Collected data:
(* Let $2\le k<d+1$ and let $\Delta_k^d=\operatorname{tconv}\{-e_I:I\subseteq[d+1],|I|=k\}\subseteq\mathbb{T}^d$ with $V$ the family of these $\binom{d+1}{k}$ points. Then the set of coarse types of the maximal cells of the tropical complex $\mathcal{C}_V$ is, up to permutation of coordinates by $\operatorname{Sym}(d+1)$, the set of tuples $$\Big(\tbinom{d+1-\alpha}{k}+\tbinom{d}{k-1},\ \tbinom{d-1}{k-1},\ \dots,\ \tbinom{d-(\alpha-1)}{k-1},\ \underbrace{0,\dots,0}_{d+1-\alpha}\Big)$$ for $1\le\alpha\le d+2-k$; that is, the set of coarse types of maximal cells is the union of the $\operatorname{Sym}(d+1)$-orbits of these tuples.
   Context: Tropical arithmetic is min-plus; $\mathbb{T}^d=\mathbb{R}^{d+1}/\mathbb{R}(1,\dots,1)$; $e_I=\sum_{i\in I}e_i$. For $m\in[d+1]$ let $\bar S_m=\{\xi\in\mathbb{T}^d:\xi_m=\min_i\xi_i\}$. For $V=(v_1,\dots,v_n)$ and $x\in\mathbb{T}^d$, $\operatorname{type}_V(x)=(T_1,\dots,T_{d+1})$ with $T_m=\{l:v_l\in x+\bar S_m\}$. The cells $\{x:\operatorname{type}_V(x)=\mathcal{T}\}$ have closures forming a polyhedral subdivision $\mathcal{C}_V$ of $\mathbb{T}^d$ (the tropical complex); maximal cells are the inclusion-maximal ones. The coarse type of a cell is $(|T_1|,\dots,|T_{d+1}|)$ for its relative interior points. *)

From HB Require Import structures.
From mathcomp Require Import all_boot all_order all_algebra all_fingroup.
From mathcomp Require Import all_classical all_reals all_analysis.
Set Implicit Arguments. Unset Strict Implicit. Unset Printing Implicit Defensive.
Import Order.TTheory GRing.Theory Num.Theory.
Import numFieldNormedType.Exports.
Local Open Scope classical_set_scope.
Local Open Scope ring_scope.

(* Throughout n = d+1; coordinates are indexed by 'I_n = [d+1] (0-based).
   Points of T^d are represented by points of R^n = 'rV[R]_n; every notion
   below is invariant under x |-> x + c(1,...,1), so this is harmless. *)

Definition negeI (R : realType) (n : nat) (I : {set 'I_n}) : 'rV[R]_n :=
  \row_i (- (i \in I)%:R).

Definition labels (n k : nat) : {set {set 'I_n}} := [set I : {set 'I_n} | #|I| == k].

Definition in_sector (R : realType) (n : nat) (x v : 'rV[R]_n) (m : 'I_n) : bool :=
  [forall i : 'I_n, (v - x) ord0 m <= (v - x) ord0 i].

Definition vtype (R : realType) (n k : nat) (x : 'rV[R]_n)
  : {ffun 'I_n -> {set {set 'I_n}}} :=
  [ffun m => [set I in labels n k | in_sector x (negeI R I) m]].

Definition cell (R : realType) (n k : nat) (T : {ffun 'I_n -> {set {set 'I_n}}})
  : set 'rV[R]_n := [set x | vtype k x = T].

Definition is_closed_cell (R : realType) (n k : nat) (C : set 'rV[R]_n) : Prop :=
  exists T, @cell R n k T !=set0 /\ C = closure (@cell R n k T).

Definition is_maximal_cell (R : realType) (n k : nat) (C : set 'rV[R]_n) : Prop :=
  is_closed_cell k C /\
  forall C' : set 'rV[R]_n, is_closed_cell k C' -> C `<=` C' -> C = C'.

Definition coarse (n : nat) (T : {ffun 'I_n -> {set {set 'I_n}}}) : {ffun 'I_n -> nat} :=
  [ffun m => #|T m|].

(* the tuple (C(d+1-a,k)+C(d,k-1), C(d-1,k-1), ..., C(d-(a-1),k-1), 0,...,0)
   with n = d+1, written with 0-based index i *)
Definition tuple_alpha (n k a : nat) : {ffun 'I_n -> nat} :=
  [ffun i : 'I_n =>
     if val i == 0%N then ('C(n - a, k) + 'C(n.-1, k.-1))%N
     else if (val i < a)%N then 'C(n.-1 - val i, k.-1)
     else 0%N].

From HB Require Import structures.
From mathcomp Require Import all_boot all_order all_algebra all_fingroup.
From mathcomp Require Import all_classical all_reals all_analysis.
From mathcomp Require Import ring lra zify.
Import numFieldNormedType.Exports.
Set Implicit Arguments. Unset Strict Implicit. Unset Printing Implicit Defensive.
Import Order.TTheory GRing.Theory Num.Theory.
Local Open Scope classical_set_scope.
Local Open Scope ring_scope.

(* The type of x assigns each k-set I to the coordinates m at which x + e_I is
   maximal.  Call x generic when its coordinates are pairwise distinct and no two
   differ by 1: then every I has a unique such m.  Pushing any point of a cell
   slightly along (0, 1, ..., d) yields a generic point whose cell closure contains
   the original cell, so maximal cells are exactly the closures of cells of
   generic points.  At a generic x with top coordinate t and band
   A = {j | x_j > x_t - 1}, the k-sets of type t are those containing t or
   avoiding A, those of type m in A \ {t} contain m and avoid every coordinate
   above x_m, and no k-set has a type outside A.  Counting gives the tuple for
   alpha = |A| (truncated at d+2-k, beyond which the extra binomials vanish),
   permuted by the rank of the coordinates.  Conversely a staircase point with
   prescribed ranks and band size realises each tuple. *)

Section Perturbation.
Variable R : realType.

Lemma near_right_mul_lt (b c : R) : 0 < b -> 0 <= c ->
  \forall e \near 0^'+, 0 < e /\ e * c < b.
Proof.
move=> b0 c0; near=> e; split; first by near: e; exact: nbhs_right_gt.
have e0 : 0 < e by near: e; exact: nbhs_right_gt.
have : e < b / (c + 1) by near: e; apply: nbhs_right_lt; rewrite divr_gt0 //; lra.
rewrite ltr_pdivlMr; last lra.
have : e * c <= e * (c + 1) by rewrite ler_pM2l //; lra.
lra.
Unshelve. all: by end_near. Qed.

Lemma near_perturb_le (a b wa wb : R) :
  \forall e \near 0^'+,
    (a + e * wa <= b + e * wb) = (a < b) || (a == b) && (wa <= wb).
Proof.
have [ab|ab|->] := ltgtP a b.
- near=> e; have [e0 ew] : 0 < e /\ e * `|wa - wb| < b - a.
    by near: e; apply: near_right_mul_lt; rewrite ?subr_gt0.
  have : e * (wa - wb) <= e * `|wa - wb| by rewrite ler_pM2l // ler_norm.
  lra.
- near=> e; have [e0 ew] : 0 < e /\ e * `|wb - wa| < a - b.
    by near: e; apply: near_right_mul_lt; rewrite ?subr_gt0.
  have : e * (wb - wa) <= e * `|wb - wa| by rewrite ler_pM2l // ler_norm.
  lra.
- near=> e; have e0 : 0 < e by near: e; exact: nbhs_right_gt.
  by rewrite lerD2l ler_pM2l ?eqxx.
Unshelve. all: by end_near. Qed.

Lemma near_perturb_neq (p q c : R) : q != 0 -> \forall e \near 0^'+, p + e * q != c.
Proof.
move=> q0; have [<-|pc] := eqVneq p c.
  near=> e; have e0 : 0 < e by near: e; exact: nbhs_right_gt.
  by rewrite -subr_eq0 addrC addKr mulf_eq0 gt_eqF.
near=> e; have [e0 ew] : 0 < e /\ e * `|q| < `|p - c|.
  by near: e; apply: near_right_mul_lt; rewrite ?normr_gt0 ?subr_eq0.
apply/eqP => epq.
have : `|p - c| = `|e * q| by rewrite -normrN; congr `|_|; lra.
rewrite normrM gtr0_norm //; lra.
Unshelve. all: by end_near. Qed.

Lemma closure_near_right (n : nat) (S : set 'rV[R]_n) x w :
  (\forall e \near 0^'+, S (x + e *: w)) -> closure S x.
Proof.
move=> Sxw B /nbhs_ballP[r r0 rB].
have [e [Se [e0 ew]]] := filter_ex (filterI Sxw (near_right_mul_lt r0 (normr_ge0 w))).
exists (x + e *: w); split => //; apply: rB.
by rewrite -ball_normE /ball_ /= opprD addNKr normrN normrZ gtr0_norm.
Qed.
End Perturbation.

ACTIVITY: Using the entries above, give again exactly the lines from the line holding "Lemma near_perturb_le (a" through the line holding "move=> q0; have [<-|pc] := eqVneq p c.". Include both end lines and nothing else.

RESPONSE:
Lemma near_perturb_le (a b wa wb : R) :
  \forall e \near 0^'+,
    (a + e * wa <= b + e * wb) = (a < b) || (a == b) && (wa <= wb).
Proof.
have [ab|ab|->] := ltgtP a b.
- near=> e; have [e0 ew] : 0 < e /\ e * `|wa - wb| < b - a.
    by near: e; apply: near_right_mul_lt; rewrite ?subr_gt0.
  have : e * (wa - wb) <= e * `|wa - wb| by rewrite ler_pM2l // ler_norm.
  lra.
- near=> e; have [e0 ew] : 0 < e /\ e * `|wb - wa| < a - b.
    by near: e; apply: near_right_mul_lt; rewrite ?subr_gt0.
  have : e * (wb - wa) <= e * `|wb - wa| by rewrite ler_pM2l // ler_norm.
  lra.
- near=> e; have e0 : 0 < e by near: e; exact: nbhs_right_gt.
  by rewrite lerD2l ler_pM2l ?eqxx.
Unshelve. all: by end_near. Qed.

Lemma near_perturb_neq (p q c : R) : q != 0 -> \forall e \near 0^'+, p + e * q != c.
Proof.
move=> q0; have [<-|pc] := eqVneq p c.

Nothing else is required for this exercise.